Each bond to be issued shall have a face value of GHc 1, with a minimum subscription of GHc 50,000 and multiples of GHc 1,000 thereafter. The offer will be opened to both local and foreign investors.
Books were closed midday on Thursday, around 2:30 pm, with the final pricing and allocation determined.
Successful bids will be cleared at a single clearing level. However, in the event of oversubscription, there will be a discretionary allocation at the single clearing level. Investors are expected to be settled or issued with the bonds on Monday, June 1, 2020.
To this end, successful bidders will be allocated at the price at which they bid, whereas partial allocations will be made to bids at the cut-off price at the issuer’s discretion in the event of oversubscription.

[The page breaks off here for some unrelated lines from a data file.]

(* In a coherent differential summable resource category $\mathcal L$ (see context), let $f\in\mathcal L_!(X_0\&X_1,Y)$ and $k\in\mathbb N$. Then $D_1(D_0^{k+1}f)$ and $D_0^{k+1}(D_1f)$ both belong to $\mathcal L_!(S^{k+1}X_0\&SX_1,S^{k+2}Y)$ and $$D_1(D_0^{k+1}f)=\lambda(c^{(k)}_Y)\circ_!D_0^{k+1}(D_1f),$$ where $c^{(0)}_Y=c_Y$ and $c^{(l+1)}_Y=c_{S^{l+1}Y}\circ S(c^{(l)}_Y)\in\mathcal L(S^{l+3}Y,S^{l+3}Y)$.
   Context: $\mathcal L$ is a symmetric monoidal closed category with finite products ($X_0\&X_1$, projections $p_0,p_1$, terminal $\top$), with a resource comonad $(!,\mathrm{der},\mathrm{dig})$ and Seely isomorphisms $m^0\in\mathcal L(1,!\top)$, $m^2_{X_0,X_1}\in\mathcal L(!X_0\otimes!X_1,!(X_0\&X_1))$ (a model of linear logic). Kleisli category $\mathcal L_!$: $\mathcal L_!(X,Y)=\mathcal L(!X,Y)$, $g\circ_!f=g\circ!f\circ\mathrm{dig}_X$; for $h\in\mathcal L(X,Y)$, $\lambda(h)=h\circ\mathrm{der}_X$. $\mathcal L$ has zero morphisms and a summability structure $(S,\pi_0,\pi_1,\sigma)$ ($\pi_0,\pi_1,\sigma:S\Rightarrow\mathrm{Id}$, $\pi_0,\pi_1$ jointly monic; $f_0+f_1=\sigma\langle f_0,f_1\rangle$ when the unique $\langle f_0,f_1\rangle$ with $\pi_i\langle f_0,f_1\rangle=f_i$ exists), satisfying the axioms of Ehrhard's coherent differentiation (homsets partial commutative monoids, composition and $\otimes$ distributing over sums); $\iota_0=\langle\mathrm{id},0\rangle$; the flip $c:S^2\Rightarrow S^2$ with $\pi_i\pi_jc=\pi_j\pi_i$; $\tau:S^2\Rightarrow S$ with $\pi_0\tau=\pi_0\pi_0$, $\pi_1\tau=\pi_1\pi_0+\pi_0\pi_1$; $S$ preserves products strictly; $L_{X_0,X_1}:SX_0\otimes SX_1\to S(X_0\otimes X_1)$ with $\pi_0L=\pi_0\otimes\pi_0$, $\pi_1L=\pi_1\otimes\pi_0+\pi_0\otimes\pi_1$. A natural $\partial_X\in\mathcal L(!SX,S!X)$ satisfies: $\pi_0\partial_X=!\pi_0$; $\partial_X\circ!\iota_0=\iota_0$, $\tau\circ S\partial_X\circ\partial_{SX}=\partial_X\circ!\tau$; $S\mathrm{der}_X\circ\partial_X=\mathrm{der}_{SX}$, $S\mathrm{dig}_X\circ\partial_X=\partial_{!X}\circ!\partial_X\circ\mathrm{dig}_{SX}$; $S(m^0)^{-1}\partial_\top=\iota_0(m^0)^{-1}!0$, $S(m^2)^{-1}\partial_{X_0\&X_1}=L_{!X_0,!X_1}(\partial_{X_0}\otimes\partial_{X_1})(m^2_{SX_0,SX_1})^{-1}$; $c\circ S\partial_X\circ\partial_{SX}=S\partial_X\circ\partial_{SX}\circ!c$. Derived: $D$ on $\mathcal L_!$ with $DX=SX$, $Df=Sf\circ\partial_X$; $\psi^0_{X_0,X_1}=\lambda(SX_0\&\iota_0)$, $\psi^1_{X_0,X_1}=\lambda(\iota_0\&SX_1)$; $D_0f=Df\circ_!\psi^0$, $D_1f=Df\circ_!\psi^1$, and $D_0^{k}$ denotes $k$-fold iteration of $D_0$. *)

Record Cat := {
  Ob : Type;
  Hom : Ob -> Ob -> Type;
  idm : forall X, Hom X X;
  comp : forall {X Y Z}, Hom Y Z -> Hom X Y -> Hom X Z;
  comp_idl : forall X Y (f : Hom X Y), comp (idm Y) f = f;
  comp_idr : forall X Y (f : Hom X Y), comp f (idm X) = f;
  comp_assoc : forall X Y Z W (f : Hom X Y) (g : Hom Y Z) (h : Hom Z W),
      comp h (comp g f) = comp (comp h g) f }.
Arguments idm {c} X.
Arguments comp {c X Y Z} _ _.
Notation "g ∘ f" := (comp g f) (at level 40, left associativity).
Lemma ex_cint_rat P A : is_poly P -> avoids g A -> ex_cint g g' (fun u => P u / roots_poly A u).
Proof.
  intros HP HA. apply ex_RInt_continuous. intros t Ht.
  rewrite Rmin_left, Rmax_right in Ht by lra.
  apply continuous_contour_rat; auto.
Qed.

Lemma ex_cint_ext F G : (forall t, (0 <= t <= 1)%R -> F (g t) = G (g t)) ->
  ex_cint g g' G -> ex_cint g g' F.
Proof.
  intros E H. eapply ex_RInt_ext; [|exact H].
  intros t Ht. rewrite Rmin_left, Rmax_right in Ht by lra. rewrite E; auto. lra.
Qed.

Lemma ex_cint_scal c F : ex_cint g g' F -> ex_cint g g' (fun u => c * F u).
Proof.
  intros [l Hl]. exists (c * l).
  eapply is_RInt_ext; [|apply (is_RInt_Cmult _ _ _ _ c Hl)]. intros; simpl; ring.
Qed.

Lemma cint_ext F G : (forall t, (0 <= t <= 1)%R -> F (g t) = G (g t)) ->
  cint g g' F = cint g g' G.
Proof.
  intros E. unfold cint. f_equal. apply RInt_ext.
  intros t Ht. rewrite Rmin_left, Rmax_right in Ht by lra. rewrite E; auto. lra.
Qed.

Lemma cint_plus F G : ex_cint g g' F -> ex_cint g g' G ->
  cint g g' (fun u => F u + G u) = cint g g' F + cint g g' G.
Proof.
  intros [lF HF] [lG HG]. unfold cint.
  assert (H : @is_RInt C_R_NormedModule (fun t => (F (g t) + G (g t)) * g' t) 0 1 (lF + lG)).
  { eapply is_RInt_ext; [|apply (@is_RInt_plus C_R_NormedModule _ _ _ _ _ _ HF HG)].
    intros; simpl. change (@plus C_R_NormedModule ?a ?b) with (Cplus a b). ring. }
  rewrite (@is_RInt_unique C_R_CompleteNormedModule _ _ _ _ H),
    (is_RInt_unique _ _ _ _ HF), (is_RInt_unique _ _ _ _ HG).
  unfold Cdiv; ring.
Qed.

Lemma cint_scal c F : ex_cint g g' F -> cint g g' (fun u => c * F u) = c * cint g g' F.
Proof.
  intros [l Hl]. unfold cint.
  assert (H : @is_RInt C_R_NormedModule (fun t => (c * F (g t)) * g' t) 0 1 (c * l)).
  { eapply is_RInt_ext; [|apply (is_RInt_Cmult _ _ _ _ c Hl)]. intros; simpl; ring. }
  rewrite (@is_RInt_unique C_R_CompleteNormedModule _ _ _ _ H), (is_RInt_unique _ _ _ _ Hl).
  unfold Cdiv; ring.
Qed.

Lemma cint_exact (Phi phi : C -> C) :
  (forall t, (0 <= t <= 1)%R -> is_derive_C (fun s => Phi (g s)) t (phi (g t) * g' t)) ->
  (forall t, (0 <= t <= 1)%R -> continuous_C (fun s => phi (g s) * g' s) t) ->
  cint g g' phi = 0.
Proof.
  intros Hd Hcont. destruct Hg as [_ [_ Hclosed]].
  assert (H : @is_RInt C_R_NormedModule (fun t => phi (g t) * g' t) 0 1 (RtoC 0)).
  { replace (RtoC 0) with (@minus C_R_NormedModule (Phi (g 1%R)) (Phi (g 0%R)))
      by (rewrite Hclosed; apply (@minus_eq_zero C_R_NormedModule)).
    apply (@is_RInt_derive C_R_CompleteNormedModule (fun t => Phi (g t)));
      intros t Ht; rewrite Rmin_left, Rmax_right in Ht by lra; auto. }
  unfold cint. rewrite (@is_RInt_unique C_R_CompleteNormedModule _ _ _ _ H). unfold Cdiv. ring.
Qed.
Lemma dist2_le p q r : 0 <= r ->
  (dist2 p q <= r) = ((p.1 - q.1) ^+ 2 + (p.2 - q.2) ^+ 2 <= r ^+ 2).
Proof. by move=> r0; rewrite /dist2 -{1}(ger0_norm r0) -sqrtr_sqr ler_sqrt // sqr_ge0. Qed.

Lemma measurable_dist2_le {d} {Om : measurableType d} {f g : Om -> R * R} {r : R} :
  measurable_fun setT f -> measurable_fun setT g -> 0 <= r ->
  measurable [set w | dist2 (f w) (g w) <= r].
Proof.
move=> mf mg r0.
have mcoord (h : R * R -> R) : measurable_fun setT h ->
    measurable_fun setT (fun w => (h (f w) - h (g w)) ^+ 2).
  move=> mh; apply/measurable_realfun.measurable_funX/measurable_realfun.measurable_funB;
  exact: measurableT_comp.
have mh := measurable_realfun.measurable_funD
  (mcoord _ (@measurable_fst _ _ _ _)) (mcoord _ (@measurable_snd _ _ _ _)).
have -> : [set w | dist2 (f w) (g w) <= r] =
    (fun w => ((f w).1 - (g w).1) ^+ 2 + ((f w).2 - (g w).2) ^+ 2) @^-1` `]-oo, r ^+ 2].
  by apply/seteqP; split => w; rewrite /= in_itv /= dist2_le.
by rewrite -[X in measurable X]setTI; apply: mh => //; exact: measurable_itv.
Qed.

Lemma leb2_sub_unit_square_fin (A : set (R * R)) :
  measurable A -> A `<=` square 0 0 1 -> leb2 A \is a fin_num.
Proof.
move=> mA A01; rewrite ge0_fin_numE ?measure_ge0 //.
apply: le_lt_trans (ltry 1); have := leb2_square 0 0 1 ler01; rewrite mulr1 => <-.
by apply: le_measure => //; rewrite inE //; exact: measurable_square.
Qed.

Lemma grid_cell r x : 0 < r -> 0 <= x <= 1 ->
  exists2 u : 'I_(Num.truncn r^-1).+1, u%:R * r <= x & x <= u%:R * r + r.
Proof.
move=> r_gt0 /andP[x_ge0 x_le1]; have xr_ge0 : 0 <= x / r by rewrite divr_ge0 // ltW.
have u_lt : (Num.truncn (x / r) < (Num.truncn r^-1).+1)%N.
  by rewrite ltnS le_truncn // ler_pdivrMr // mulVf ?gt_eqF.
exists (Ordinal u_lt) => /=; have /andP[lo hi] := truncn_itv xr_ge0.
- by rewrite -ler_pdivlMr.
- by move: hi; rewrite ltr_pdivrMr // -natr1 mulrDl mul1r => /ltW.
Qed.

Lemma grid_square_pair r p q : 0 < r -> square 0 0 1 p -> dist2 p q <= r ->
  exists u v : 'I_(Num.truncn r^-1).+1,
    square (u%:R * r) (v%:R * r) r p /\ square (u%:R * r - r) (v%:R * r - r) (r + r + r) q.
Proof.
move=> r_gt0; rewrite /square /= !in_itv /= !add0r => -[p1 p2] pq_r.
have := le_trans (dist2_ge_norm1 p q) pq_r; have := le_trans (dist2_ge_norm2 p q) pq_r.
rewrite !ler_norml => /andP[? ?] /andP[? ?].
have [u ? ?] := grid_cell _ _ r_gt0 p1; have [v ? ?] := grid_cell _ _ r_gt0 p2.
by exists u, v; rewrite /= !in_itv /=; split; split; apply/andP; split; lra.
Qed.

End squares.

Section node_region.
Context {R : realType} (beta eps0 : R) (n : nat).
Hypothesis eps0_ge0 : 0 <= eps0.

Let k := cells_side beta n.
Let rho := bs_radius eps0 k.
Let center (ab : 'I_k * 'I_k) : R * R := bs_center k ab.1 ab.2.

Lemma cells_side_gt0 : (0 < k)%N.
Proof. by rewrite /k /cells_side leq_max. Qed.

Lemma node_region_sub_unit_square : node_region beta eps0 n `<=` square 0 0 1.
Proof. by move=> p [p1 [p2 _]]; rewrite /square /= !in_itv /= !add0r p1 p2. Qed.

Lemma measurable_node_region : measurable (node_region beta eps0 n).
Proof.
have -> : node_region beta eps0 n = square 0 0 1 `&`
    \bigcap_(a in `I_k) \bigcap_(b in `I_k) ~` [set p | dist2 p (bs_center k a b) <= rho].
  apply/seteqP; split => p.
    move=> pD; split; first exact: node_region_sub_unit_square.
    by case: pD => _ [_ pfar] a /= ak b /= bk; apply/negP; rewrite -ltNge; apply: pfar.
  rewrite /square /= !in_itv /= !add0r => -[[p1 p2] pfar]; split => //; split => // a b ak bk.
  by rewrite ltNge; apply/negP; exact: pfar.
apply: measurableI; first exact: measurable_square.
apply: fin_bigcap_measurable => [|a _]; first exact: finite_II.
apply: fin_bigcap_measurable => [|b _]; first exact: finite_II.
apply: measurableC.
apply: (@measurable_dist2_le R _ _ id (cst (bs_center k a b))) => //.
by rewrite divr_ge0.
Qed.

The issuance calendar indicates that government aims to build benchmark bonds through the issuance of the different instruments, including three-year bonds through the book-building method.
The three-year bonds would be issued through Absa, Databank, Stanbic Bank, Fidelity Bank and IC Securities acting as book runners for government.
Government Debt Strategy
The 2020 debt strategy focuses on an appropriate financing mix to mitigate the costs and risks to achieve the desired composition of the public debt portfolio with respect to borrowing from external and domestic sources.